Em Hulot, e especialmente neste filme, o humor, os gestos humanos, o desassombramento perante as dificuldades, estimularam uma combatividade esclarecida que não renegou a cultura nesta época. Filmado sem um close-up e com cenas que não se esgotam apenas num tema nem
na personagem principal, é uma tarefa complexa da mise-en-scène, e remete Paris eterna para simples imagens nas vidraças, onde os prédios novos indefinidos são palco de circulação de turistas americanos a quem resta captar imagens de uma resistente florista de esquina das avenues que deixaram de ser boulevards.O restauro deste filme que esteve em risco de se perder pela degradação dos negativos originais, permitiu um reencontro com o público, depois do impacto da sua estreia original, injustamente condicionado, em termos de crítica, pela sua realização cara e acidentada.

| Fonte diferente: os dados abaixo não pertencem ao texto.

(* open sets of Pr(S) in the weak* topology (generated by the evaluations
   at elements of l^infty(S)) *)
Definition weak_open {S : Type} (W : ((S -> R) -> R) -> Prop) : Prop :=
  forall mu, is_mean mu -> W mu ->
    exists (fs : list (S -> R)) (eps : R),
      0 < eps /\ (forall f, In f fs -> bounded f) /\
      forall nu, is_mean nu ->
        (forall f, In f fs -> Rabs (nu f - mu f) < eps) -> W nu.

(* A_n: probability measures on the finite set T_n, viewed in Pr(T):
   mu(f) = sum_i w_i f(t_i), with t_i in T_n, w_i >= 0, sum w_i = 1. *)
Definition in_A (n : nat) (mu : (tree -> R) -> R) : Prop :=
  exists l : list (R * tree),
    (forall p, In p l -> 0 <= fst p /\ card (snd p) = n) /\
    fold_right Rplus 0 (map fst l) = 1 /\
    forall f, bounded f ->
      mu f = fold_right Rplus 0 (map (fun p => fst p * f (snd p)) l).

Definition conv (mu nu : (tree -> R) -> R) : (tree -> R) -> R :=
  fun f => mu (fun x => nu (fun y => f (hat x y))).

(* ultrafilters on N = {1,2,3,...} (subsets of nat containing the positives) *)
Definition ultrafilter (U : (nat -> Prop) -> Prop) : Prop :=
  (forall A B : nat -> Prop, U A -> (forall n, A n -> B n) -> U B) /\
  (forall A B : nat -> Prop, U A -> U B -> U (fun n => A n /\ B n)) /\
  ~ U (fun _ => False) /\
  (forall A : nat -> Prop, U A \/ U (fun n => ~ A n)) /\
  U (fun n => (0 < n)%nat).

Definition usum (U V : (nat -> Prop) -> Prop) : (nat -> Prop) -> Prop :=
  fun W => U (fun m => V (fun n => W (m + n)%nat)).

Definition idempotent (U : (nat -> Prop) -> Prop) : Prop :=
  forall W : nat -> Prop, usum U U W <-> U W.

Definition in_AU (U : (nat -> Prop) -> Prop) (mu : (tree -> R) -> R) : Prop :=
  is_mean mu /\
  forall W, weak_open W -> W mu ->
    U (fun m => exists nu, W nu /\ in_A m nu).

(* A weak* neighbourhood of [mu ^ nu] is cut out by finitely many test
   functions [f].  Approximate [mu] by [mu1] in [A_a], testing against the
   functions [x |-> nu (f (x ^ .))]; [mu1] has finite support [t_1, ..., t_k],
   so [nu] can then be approximated by [nu1] in [A_b], testing against the
   finitely many functions [y |-> f (t_i ^ y)].  Then [mu1 ^ nu1] lies in
   [A_(a+b)] and is close to [mu ^ nu].  Both approximations hold for
   U-many [a], resp. [b], i.e. the set of [n] for which [A_n] meets the
   neighbourhood belongs to [U + U], which is [U] by idempotence. *)

From Stdlib Require Import Reals List Lra FunctionalExtensionality.
(* Imported after [Reals], whose [bounded] would otherwise shadow ours. *)
Open Scope R_scope.

Section WeightedSums.

Context {S : Type}.

Definition weight (l : list (R * S)) : R := fold_right Rplus 0 (map fst l).

Definition wsum (l : list (R * S)) (f : S -> R) : R :=
  fold_right Rplus 0 (map (fun p => fst p * f (snd p)) l).

Lemma wsum_nil f : wsum nil f = 0.
Proof. reflexivity. Qed.

Lemma wsum_cons p l f : wsum (p :: l) f = fst p * f (snd p) + wsum l f.
Proof. reflexivity. Qed.

Lemma wsum_app l l' f : wsum (l ++ l') f = wsum l f + wsum l' f.
Proof.
  induction l as [|p l IH]; simpl app.
  - rewrite wsum_nil; ring.
  - rewrite !wsum_cons, IH; ring.
Qed.

Lemma wsum_plus l f g : wsum l (fun s => f s + g s) = wsum l f + wsum l g.
Proof.
  induction l as [|p l IH]; [rewrite !wsum_nil; ring|].
  rewrite !wsum_cons, IH; ring.
Qed.

Lemma wsum_scal l c f : wsum l (fun s => c * f s) = c * wsum l f.
Proof.
  induction l as [|p l IH]; [rewrite !wsum_nil; ring|].
  rewrite !wsum_cons, IH; ring.
Qed.

Lemma wsum_const l c : wsum l (fun _ => c) = c * weight l.
Proof.
  induction l as [|p l IH]; [rewrite wsum_nil; unfold weight; simpl; ring|].
  rewrite wsum_cons, IH; unfold weight; simpl; ring.
Qed.

Lemma wsum_ext l f g :
  (forall p, In p l -> f (snd p) = g (snd p)) -> wsum l f = wsum l g.
Proof.
  induction l as [|p l IH]; intro Hfg; [reflexivity|].
  rewrite !wsum_cons, (Hfg p), IH; simpl; auto.
  intros q Hq; apply Hfg; simpl; auto.
Qed.

Lemma wsum_nonneg l f :
  (forall p, In p l -> 0 <= fst p) -> (forall s, 0 <= f s) -> 0 <= wsum l f.
Proof.
  intros Hw Hf; induction l as [|p l IH]; [rewrite wsum_nil; lra|].
  rewrite wsum_cons.
  assert (0 <= fst p * f (snd p)) by (apply Rmult_le_pos; simpl in Hw; auto).
  assert (0 <= wsum l f) by (apply IH; simpl in Hw; auto).
  lra.
Qed.

Lemma wsum_dist_le l f g c :
  (forall p, In p l -> 0 <= fst p) ->
  (forall p, In p l -> Rabs (f (snd p) - g (snd p)) <= c) ->
  Rabs (wsum l f - wsum l g) <= c * weight l.
Proof.
  intros Hw Hfg.
  induction l as [|p l IH].
  - rewrite !wsum_nil, Rminus_0_r, Rabs_R0; unfold weight; simpl; lra.
  - rewrite !wsum_cons.
    assert (Hp : 0 <= fst p) by (apply Hw; simpl; auto).
    assert (Hfgp := Hfg p (or_introl eq_refl)).
    assert (Hl := IH (fun q Hq => Hw q (or_intror Hq))
                     (fun q Hq => Hfg q (or_intror Hq))).
    replace (fst p * f (snd p) + wsum l f - (fst p * g (snd p) + wsum l g))
      with (fst p * (f (snd p) - g (snd p)) + (wsum l f - wsum l g)) by ring.
    eapply Rle_trans; [apply Rabs_triang|].
    rewrite Rabs_mult, (Rabs_right (fst p)) by lra.
    assert (fst p * Rabs (f (snd p) - g (snd p)) <= fst p * c)
      by (apply Rmult_le_compat_l; lra).
    unfold weight in *; simpl; lra.
Qed.

End WeightedSums.

Definition wprod {A B C : Type} (op : A -> B -> C)
    (l : list (R * A)) (l' : list (R * B)) : list (R * C) :=
  flat_map (fun p => map (fun q => (fst p * fst q, op (snd p) (snd q))) l') l.

Lemma wsum_map {A B : Type} (c : R) (h : A -> B) l f :
  wsum (map (fun q => (c * fst q, h (snd q))) l) f = c * wsum l (fun y => f (h y)).
Proof.
  induction l as [|q l IH]; simpl map; [rewrite !wsum_nil; ring|].
  rewrite !wsum_cons, IH; simpl; ring.
Qed.

Lemma wsum_wprod {A B C : Type} (op : A -> B -> C) l l' f :
  wsum (wprod op l l') f = wsum l (fun x => wsum l' (fun y => f (op x y))).
Proof.
  induction l as [|p l IH]; [reflexivity|].
  unfold wprod; simpl flat_map; fold (wprod op l l').
  rewrite wsum_app, IH, wsum_cons, wsum_map; reflexivity.
Qed.

Lemma weight_wprod {A B C : Type} (op : A -> B -> C) l l' :
  weight (wprod op l l') = weight l * weight l'.
Proof.
  rewrite <- (Rmult_1_l (weight _)), <- wsum_const, wsum_wprod.
  rewrite (wsum_ext l _ (fun _ => weight l')) by (intros; rewrite wsum_const; ring).
  rewrite wsum_const; ring.
Qed.

Section Means.

Context {S : Type}.

Lemma bounded_plus (f g : S -> R) :
  bounded f -> bounded g -> bounded (fun s => f s + g s).
Proof.
  intros [M HM] [N HN]; exists (M + N); intro s.
  eapply Rle_trans; [apply Rabs_triang|].
  specialize (HM s); specialize (HN s); lra.
Qed.

Lemma bounded_scal c (f : S -> R) : bounded f -> bounded (fun s => c * f s).
Proof.
  intros [M HM]; exists (Rabs c * M); intro s.
  rewrite Rabs_mult; apply Rmult_le_compat_l; [apply Rabs_pos | auto].
Qed.

Lemma bounded_const c : bounded (fun _ : S => c).
Proof. exists (Rabs c); intros; lra. Qed.

Lemma mean_const (m : (S -> R) -> R) c : is_mean m -> m (fun _ => c) = c.
Proof.
  intros [_ [Hscal [_ H1]]].
  replace (fun _ : S => c) with (fun _ : S => c * 1)
    by (apply functional_extensionality; intro; ring).
  rewrite Hscal, H1 by apply bounded_const; ring.
Qed.

(* Positivity applied to [M - f] and [M + f]. *)
Lemma mean_abs_le (m : (S -> R) -> R) f M :
  is_mean m -> (forall s, Rabs (f s) <= M) -> Rabs (m f) <= M.
Proof.
  intros Hm HM.
  pose proof Hm as [Hadd [Hscal [Hpos _]]].
  assert (Hf : bounded f) by (exists M; auto).
  assert (Hshift : forall c, m (fun s => M + c * f s) = M + c * m f).
  { intro c.
    rewrite (Hadd (fun _ => M) (fun s => c * f s)), Hscal, mean_const
      by (auto using bounded_const, bounded_scal).
    reflexivity. }
  assert (Hlo : 0 <= m (fun s => M + -1 * f s)).
  { apply Hpos; [apply bounded_plus; auto using bounded_const, bounded_scal|].
    intro s; specialize (HM s).
    pose proof (Rle_abs (f s)); pose proof (Rle_abs (- f s)).
    rewrite Rabs_Ropp in *; lra. }
  assert (Hhi : 0 <= m (fun s => M + 1 * f s)).
  { apply Hpos; [apply bounded_plus; auto using bounded_const, bounded_scal|].
    intro s; specialize (HM s).
    pose proof (Rle_abs (f s)); pose proof (Rle_abs (- f s)).
    rewrite Rabs_Ropp in *; lra. }
  rewrite Hshift in Hlo, Hhi; apply Rabs_le; lra.
Qed.
(* Let $G=(V,E)$ be a finite graph satisfying the $CD\psi(n,-K)$ condition for some $n>0$, $K>0$, where $\psi:(0,+\infty)\to\mathbb R$ is a $C^1$ concave function with $\psi'(1)=0$. Let $\sigma\in\mathbb R$ and $c:[0,\infty)\to\mathbb R$ continuous with either ($c\ge0$, $\sigma\le1$) or ($c\le0$, $\sigma\ge1$), and let $u$ be a positive solution of $\partial_tu=\Delta u+c(t)u^\sigma$ on $V$. Fix $0<\alpha<1$. Then for all vertices and all $t>0$, $$(1-\alpha)\Gamma^\psi(u)\le\frac{n}{2(1-\alpha)t}+\frac{Kn}{2\alpha}.$$
   Context: Graphs: $G=(V,E)$ is a connected, locally finite graph; each edge $xy$ carries a weight $w_{xy}>0$ (possibly asymmetric), and $\mu:V\to(0,\infty)$ is a vertex measure; $y\sim x$ means $xy\in E$. Laplacian: $\Delta f(x)=\frac{1}{\mu(x)}\sum_{y\sim x}w_{xy}(f(y)-f(x))$. For $f:V\to(0,\infty)$: $\Delta^\psi f(x)=\Delta\big[\psi\big(\tfrac{f}{f(x)}\big)\big](x)$; $\overline\psi(s)=\psi'(1)(s-1)-(\psi(s)-\psi(1))$, $\Gamma^\psi f=\Delta^{\overline\psi}f$; $(\Omega^\psi f)(x)=\Delta\big[\psi'\big(\tfrac{f}{f(x)}\big)\tfrac{f}{f(x)}\big(\tfrac{\Delta f}{f}-\tfrac{\Delta f(x)}{f(x)}\big)\big](x)$; $2\Gamma_2^\psi(f)=\Omega^\psi f+\frac{\Delta f\,\Delta^\psi f}{f}-\frac{\Delta(f\Delta^\psi f)}{f}$. $CD\psi(n,K)$: for every $f:V\to(0,\infty)$ and every vertex, $\Gamma_2^\psi(f)\ge\frac1n(\Delta^\psi f)^2+K\Gamma^\psi(f)$. A positive solution $u:V\times[0,\infty)\to(0,\infty)$ is continuously differentiable in $t$; operators are applied to $u(\cdot,t)$ at each fixed time. *)

From HB Require Import structures.
From mathcomp Require Import all_boot all_order all_algebra.
From mathcomp Require Import all_classical all_reals all_analysis.
Set Implicit Arguments. Unset Strict Implicit. Unset Printing Implicit Defensive.
Import Order.TTheory GRing.Theory Num.Theory numFieldNormedType.Exports.
Local Open Scope ring_scope.

Section GraphOps.
Variables (R : realType) (V : finType).
(* Graph data: symmetric adjacency [adj], edge weights [w] (possibly asymmetric,
   positive on edges), vertex measure [mu]. *)
Variables (adj : rel V) (w : V -> V -> R) (mu : V -> R).

Definition Lap (f : V -> R) (x : V) : R :=
  (mu x)^-1 * \sum_(y | adj x y) w x y * (f y - f x).

Definition LapPsi (psi : R -> R) (f : V -> R) (x : V) : R :=
  Lap (fun z => psi (f z / f x)) x.

Definition psibar (psi : R -> R) (s : R) : R :=
  derive1 psi 1 * (s - 1) - (psi s - psi 1).

Definition GammaPsi (psi : R -> R) (f : V -> R) (x : V) : R :=
  LapPsi (psibar psi) f x.

Definition OmegaPsi (psi : R -> R) (f : V -> R) (x : V) : R :=
  Lap (fun z => derive1 psi (f z / f x) * (f z / f x)
                  * (Lap f z / f z - Lap f x / f x)) x.

Definition Gamma2Psi (psi : R -> R) (f : V -> R) (x : V) : R :=
  (OmegaPsi psi f x + Lap f x * LapPsi psi f x / f x
    - Lap (fun z => f z * LapPsi psi f z) x / f x) / 2.

Definition CDpsi (psi : R -> R) (n K : R) : Prop :=
  forall (f : V -> R), (forall z, 0 < f z) ->
    forall x, Gamma2Psi psi f x >= n^-1 * (LapPsi psi f x) ^+ 2 + K * GammaPsi psi f x.

End GraphOps.

Definition weighted_graph (R : realType) (V : finType) (adj : rel V)
    (w : V -> V -> R) (mu : V -> R) : Prop :=
  [/\ symmetric adj, irreflexive adj,
      (forall x y, connect adj x y),
      (forall x y, adj x y -> 0 < w x y) &
      (forall x, 0 < mu x)].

Jacques Tati já era um realizador reconhecido e premiado, particularmente depois do Meu tio, no final dos anos cinquenta quando desenvolveu o projecto do Playtime, claramente exorbitante nos recursos, não se tratando de um filme norte-americano. Eram os anos sessenta, a França disputava aos EUA uma influência cultural imbatível em termos de mercado, e o desejo de
afirmação francesa era muito forte. Alguns chamaram ao projecto megalómano (a área dos cenários era enorme e ficou conhecida por Tativille) e os incidentes no decurso da produção, em termos de pesados encargos e mesmo atmosféricos, geraram nos meios culturais fortes reacções e antipatias que viriam a refrear entusiasmos quando da sua estreia em 1967. Como alguém disse, Playtime "foi a obra-prima que arruinou o seu autor". Ainda realizou e produziu outro filme, Trafic (1970), que apesar de ter sido um êxito de bilheteira não impediu a ruína que obrigou Tati a vender os seus negativos.Felizmente, o filme sobreviveu e é um das melhores obras cinematográficas do século passado, que mantém grande actualidade.